## Goal of the exercise
Go to the line below containing "From Stdlib Require Import Reals Lra ClassicalEpsilon." and print exactly from there through the line containing "sqrt ((fst a", both included. Print nothing else.

Items from a dataset:
(* Let $l\ge1$ and $n\ge4l+2$ with $(2l+1)\mid n$. Then every midpoint crossing of $P_n$ is a global minimum of $s_{2l+1}$, every vertex crossing is a global maximum of $s_{2l+1}$, in counterclockwise order around $P_n$ the crossings alternate between vertex crossings and midpoint crossings, and $s_{2l+1}$ is strictly monotonic between adjacent midpoint and vertex crossings.
   Context: $P_n$ is the boundary of the regular polygon in $\mathbb{R}^2$ with vertices the $n$-th roots of unity, Euclidean metric $\|x-y\|$. $d_{P_n}(x,y)\in[0,1)$ is the counterclockwise arc length of $P_n$ from $x$ to $y$ divided by the perimeter. The directed Vietoris–Rips graph $\mathrm{VR}_<(P_n;r)$ has vertex set $P_n$ and, for distinct $u,w$ with $\|u-w\|<r$, the edge $u\to w$ if $d_{P_n}(u,w)<d_{P_n}(w,u)$, else $w\to u$; it is cyclic if whenever $u_0\to u_1$, every $w$ strictly counterclockwise-between them has $u_0\to w$ and $w\to u_1$. $r_n=\sup\{r\ge0:\mathrm{VR}_<(P_n;r')\text{ cyclic for all }0<r'<r\}$. For $0<r<r_n$, $g_r(p)$ is the first point $w$ met moving counterclockwise from $p$ with $\|p-w\|=r$, and $g_{r_n}=\lim_{r\to r_n}g_r$. An equilateral $(2l+1)$-pointed star of side $r\in(0,r_n]$ inscribed in $P_n$ is a cyclic sequence $u_0,\dots,u_{2l}$ with $u_{i+1}=g_r(u_i)$ (indices mod $2l+1$) and $\sum_i d_{P_n}(u_i,u_{i+1})=l$. For $n\ge4l+2$ each $p\in P_n$ lies on exactly one such star, and $s_{2l+1}(p)$ denotes its side length. $p$ is a vertex crossing (resp. midpoint crossing) if that star contains a vertex of $P_n$ (resp. the midpoint of an edge of $P_n$). *)

From Stdlib Require Import Reals Lra ClassicalEpsilon.
From Coquelicot Require Import Coquelicot.
Open Scope R_scope.

(* Points of P_n are represented by their normalized counterclockwise
   arc-length parameter t in [0,1): t = (arc length from the vertex 1 to the
   point) / perimeter.  The map t |-> pt n t is a bijection [0,1) -> P_n. *)
Definition inP (t : R) : Prop := 0 <= t < 1.

Definition vert (n : nat) (k : Z) : R * R :=
  (cos (2 * PI * IZR k / INR n), sin (2 * PI * IZR k / INR n)).

Definition pt (n : nat) (t : R) : R * R :=
  let u := INR n * t in
  let k := Int_part u in
  let f := frac_part u in
  ((1 - f) * fst (vert n k) + f * fst (vert n (k + 1)),
   (1 - f) * snd (vert n k) + f * snd (vert n (k + 1))).

Definition edist (a b : R * R) : R :=
  sqrt ((fst a - fst b) ^ 2 + (snd a - snd b) ^ 2).

(* d_{P_n}(x,y): counterclockwise arc length from x to y over the perimeter *)
Definition dP (s t : R) : R := frac_part (t - s).

(* directed edge u -> w of VR_<(P_n; r) *)
Definition arrow (n : nat) (r u w : R) : Prop :=
  u <> w /\ edist (pt n u) (pt n w) < r /\ dP u w <= dP w u.

Definition cyclicVR (n : nat) (r : R) : Prop :=
  forall u0 u1, inP u0 -> inP u1 -> arrow n r u0 u1 ->
  forall w, inP w -> 0 < dP u0 w < dP u0 u1 ->
    arrow n r u0 w /\ arrow n r w u1.

Definition rn (n : nat) : R :=
  real (Lub_Rbar (fun r => 0 <= r /\ forall r', 0 < r' < r -> cyclicVR n r')).

Definition off0 (n : nat) (r p : R) : R :=
  real (Glb_Rbar (fun t => 0 < t < 1 /\ edist (pt n p) (pt n (p + t)) = r)).

(* offset of g_r(p) from p, with g_{r_n} = lim_{r -> r_n^-} g_r *)
Definition off (n : nat) (r p : R) : R :=
  if Rlt_dec r (rn n) then off0 n r p
  else epsilon (inhabits 0)
         (fun L => filterlim (fun r' => off0 n r' p) (at_left (rn n)) (locally L)).

Definition g (n : nat) (r p : R) : R := frac_part (p + off n r p).

Definition is_star (n l : nat) (r : R) (u : nat -> R) : Prop :=
  (forall i, (i < 2 * l + 1)%nat -> u (S i) = g n r (u i)) /\
  u (2 * l + 1)%nat = u 0%nat /\
  sum_f_R0 (fun i => dP (u i) (u (S i))) (2 * l) = INR l.

Definition star_side (n l : nat) (r p : R) : Prop :=
  0 < r <= rn n /\ exists u, u 0%nat = p /\ is_star n l r u.

Definition s (n l : nat) (p : R) : R :=
  epsilon (inhabits 0) (fun r => star_side n l r p).

Definition vcross (n l : nat) (p : R) : Prop :=
  exists u, u 0%nat = p /\ is_star n l (s n l p) u /\
    exists i k, (i <= 2 * l)%nat /\ u i = IZR k / INR n.

Definition mcross (n l : nat) (p : R) : Prop :=
  exists u, u 0%nat = p /\ is_star n l (s n l p) u /\
    exists i k, (i <= 2 * l)%nat /\ u i = (IZR k + / 2) / INR n.

Definition crossing (n l : nat) (p : R) : Prop := vcross n l p \/ mcross n l p.

From Stdlib Require Import Reals Lra Lia ClassicalEpsilon.
From Coquelicot Require Import Coquelicot.
Open Scope R_scope.

(* Write n = (2l+1) m and L = l m / n = l / (2l+1).  Rotating by l m vertices is a symmetry
   of P_n, so p, p + L, ..., p + 2l L is an equilateral star winding l times around P_n, with
   side c |p|, where c is the chord of the rotation angle.  It is the star through p: the
   distance from p along the boundary, t |-> |p - (p + t)|, increases on [0, L], and also as
   long as it stays below c (so VR_<(P_n; r) is cyclic for r < c <= r_n); hence g_r(p) = p + L
   exactly for r = c |p|.  Since x |-> x + g_r(x) preserves the cyclic order, a smaller
   (larger) side makes the 2l+1 steps fall short of (overshoot) l turns.  Therefore
   s_{2l+1}(p) = c sqrt (1 - 2 f (1 - f) (1 - cos (2 pi / n))), where f is the position of p on
   its edge: maximal at vertices (f = 0), minimal at midpoints (f = 1/2), and monotone on
   each half edge in between. *)

(** * Fractional parts *)

Lemma frac_part_of_decomp r k f : 0 <= f < 1 -> r = IZR k + f -> frac_part r = f.
Proof. intros Hf Hr. symmetry. apply (Int_part_frac_part_spec r k f Hf Hr). Qed.

Lemma Int_part_of_decomp r k f : 0 <= f < 1 -> r = IZR k + f -> Int_part r = k.
Proof. intros Hf Hr. symmetry. apply (Int_part_frac_part_spec r k f Hf Hr). Qed.

Lemma frac_part_bounds r : 0 <= frac_part r < 1.
Proof. destruct (base_fp r). lra. Qed.

Lemma frac_part_int_offset r : exists k, r = IZR k + frac_part r.
Proof. exists (Int_part r). apply Rplus_Int_part_frac_part. Qed.

Lemma frac_part_add_IZR r k : frac_part (r + IZR k) = frac_part r.
Proof.
  apply (frac_part_of_decomp _ (Int_part r + k)); [apply frac_part_bounds|].
  rewrite plus_IZR, (Rplus_Int_part_frac_part r) at 1. ring.
Qed.

Lemma frac_part_id r : 0 <= r < 1 -> frac_part r = r.
Proof. intros H. apply (frac_part_of_decomp _ 0); [auto | simpl; ring]. Qed.

Lemma frac_part_eq_iff c y : 0 <= c < 1 -> frac_part y = c <-> exists k, y = IZR k + c.
Proof.
  intros Hc. split.
  - intros <-. apply frac_part_int_offset.
  - intros [k Hk]. exact (frac_part_of_decomp y k c Hc Hk).
Qed.

Lemma frac_part_eq_shift y z : frac_part y = frac_part z -> exists k, z = y + IZR k.
Proof.
  intros H. exists (Int_part z - Int_part y)%Z. rewrite minus_IZR.
  rewrite (Rplus_Int_part_frac_part y), (Rplus_Int_part_frac_part z) at 1. lra.
Qed.

Definition edge_weight (y : R) : R := frac_part y * (1 - frac_part y).

Lemma edge_weight_bounds y : 0 <= edge_weight y <= 1 / 4.
Proof.
  unfold edge_weight. pose proof (frac_part_bounds y). pose proof (pow2_ge_0 (frac_part y - 1 / 2)).
  split; nra.
Qed.

Lemma edge_weight_on_edge y k : IZR k <= y <= IZR k + 1 ->
  edge_weight y = (y - IZR k) * (1 - (y - IZR k)).
Proof.
  intros Hy. unfold edge_weight. destruct (Req_dec y (IZR k + 1)) as [->|Hne].
  - rewrite (frac_part_of_decomp _ (k + 1) 0) by (lra || (rewrite plus_IZR; simpl; ring)). ring.
  - rewrite (frac_part_of_decomp _ k (y - IZR k)) by lra. reflexivity.
Qed.

Lemma edge_weight_increasing y1 y2 k : IZR k <= y1 -> y1 < y2 -> y2 <= IZR k + 1 / 2 ->
  edge_weight y1 < edge_weight y2.
Proof. intros Hy1 Hy12 Hy2. rewrite !(edge_weight_on_edge _ k) by lra. nra. Qed.

Lemma edge_weight_decreasing y1 y2 k : IZR k + 1 / 2 <= y1 -> y1 < y2 -> y2 <= IZR k + 1 ->
  edge_weight y2 < edge_weight y1.
Proof. intros Hy1 Hy12 Hy2. rewrite !(edge_weight_on_edge _ k) by lra. nra. Qed.

Lemma edge_weight_add_IZR y k : edge_weight (y + IZR k) = edge_weight y.
Proof. unfold edge_weight. rewrite frac_part_add_IZR. reflexivity. Qed.

Lemma dP_bounds a b : 0 <= dP a b < 1.
Proof. apply frac_part_bounds. Qed.

Lemma dP_lift a b : exists k, b = a + dP a b + IZR k.
Proof. unfold dP. destruct (frac_part_int_offset (b - a)) as [k Hk]. exists k. lra. Qed.

Lemma dP_of_lift a b t k : 0 <= t < 1 -> b = a + t + IZR k -> dP a b = t.
Proof. intros Ht Hb. apply (frac_part_of_decomp _ k); [auto | lra]. Qed.

Lemma dP_self a : dP a a = 0.
Proof. unfold dP. rewrite Rminus_diag. apply frac_part_id. lra. Qed.

Lemma dP_frac a b : dP (frac_part a) (frac_part b) = frac_part (b - a).
Proof.
  destruct (frac_part_int_offset a) as [ka Ha], (frac_part_int_offset b) as [kb Hb].
  unfold dP. replace (frac_part b - frac_part a) with ((b - a) + IZR (ka - kb))
    by (rewrite minus_IZR; lra).
  apply frac_part_add_IZR.
Qed.

Lemma inP_frac_part a : inP (frac_part a).
Proof. apply frac_part_bounds. Qed.

Lemma dP_pos a b : inP a -> inP b -> a <> b -> 0 < dP a b.
Proof.
  intros Ha Hb Hab. destruct (dP_bounds a b) as [[Hpos|H0] _]; [exact Hpos|].
  destruct (dP_lift a b) as [k Hk]. rewrite <- H0 in Hk. unfold inP in *.
  assert (Hlo : IZR (-1) < IZR k) by (simpl; lra). assert (Hhi : IZR k < IZR 1) by (simpl; lra).
  apply lt_IZR in Hlo. apply lt_IZR in Hhi. replace k with 0%Z in Hk by lia.
  simpl in Hk. lra.
Qed.

Lemma dP_swap a b : inP a -> inP b -> a <> b -> dP b a = 1 - dP a b.
Proof.
  intros Ha Hb Hab. pose proof (dP_pos a b Ha Hb Hab). pose proof (dP_bounds a b).
  destruct (dP_lift a b) as [k Hk].
  apply (dP_of_lift _ _ _ (- k - 1)); [lra|]. rewrite minus_IZR, opp_IZR. simpl. lra.
Qed.

(** * First hitting times, monotone limits and thresholds *)

Lemma ivt_strict (f : R -> R) a b y : continuity f -> a < b -> f a < y -> y < f b ->
  exists z, a < z < b /\ f z = y.
Proof.
  intros Hc Hab Ha Hb.
  assert (Hc' : continuity (fun t => f t - y)).
  { apply continuity_minus; [exact Hc | apply continuity_const; intros u v; reflexivity]. }
  destruct (IVT (fun t => f t - y) a b Hc' Hab) as [z [[Hz1 Hz2] Hz]]; cbv beta in *; [lra | lra |].
  exists z. split; [|lra]. split.
  - destruct Hz1 as [H|H]; [exact H | subst; lra].
  - destruct Hz2 as [H|H]; [exact H | subst; lra].
Qed.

## Solved problem
From Stdlib Require Import Reals Lra ClassicalEpsilon.
From Coquelicot Require Import Coquelicot.
Open Scope R_scope.

(* Points of P_n are represented by their normalized counterclockwise
   arc-length parameter t in [0,1): t = (arc length from the vertex 1 to the
   point) / perimeter.  The map t |-> pt n t is a bijection [0,1) -> P_n. *)
Definition inP (t : R) : Prop := 0 <= t < 1.

Definition vert (n : nat) (k : Z) : R * R :=
  (cos (2 * PI * IZR k / INR n), sin (2 * PI * IZR k / INR n)).

Definition pt (n : nat) (t : R) : R * R :=
  let u := INR n * t in
  let k := Int_part u in
  let f := frac_part u in
  ((1 - f) * fst (vert n k) + f * fst (vert n (k + 1)),
   (1 - f) * snd (vert n k) + f * snd (vert n (k + 1))).

Definition edist (a b : R * R) : R :=
  sqrt ((fst a - fst b) ^ 2 + (snd a - snd b) ^ 2).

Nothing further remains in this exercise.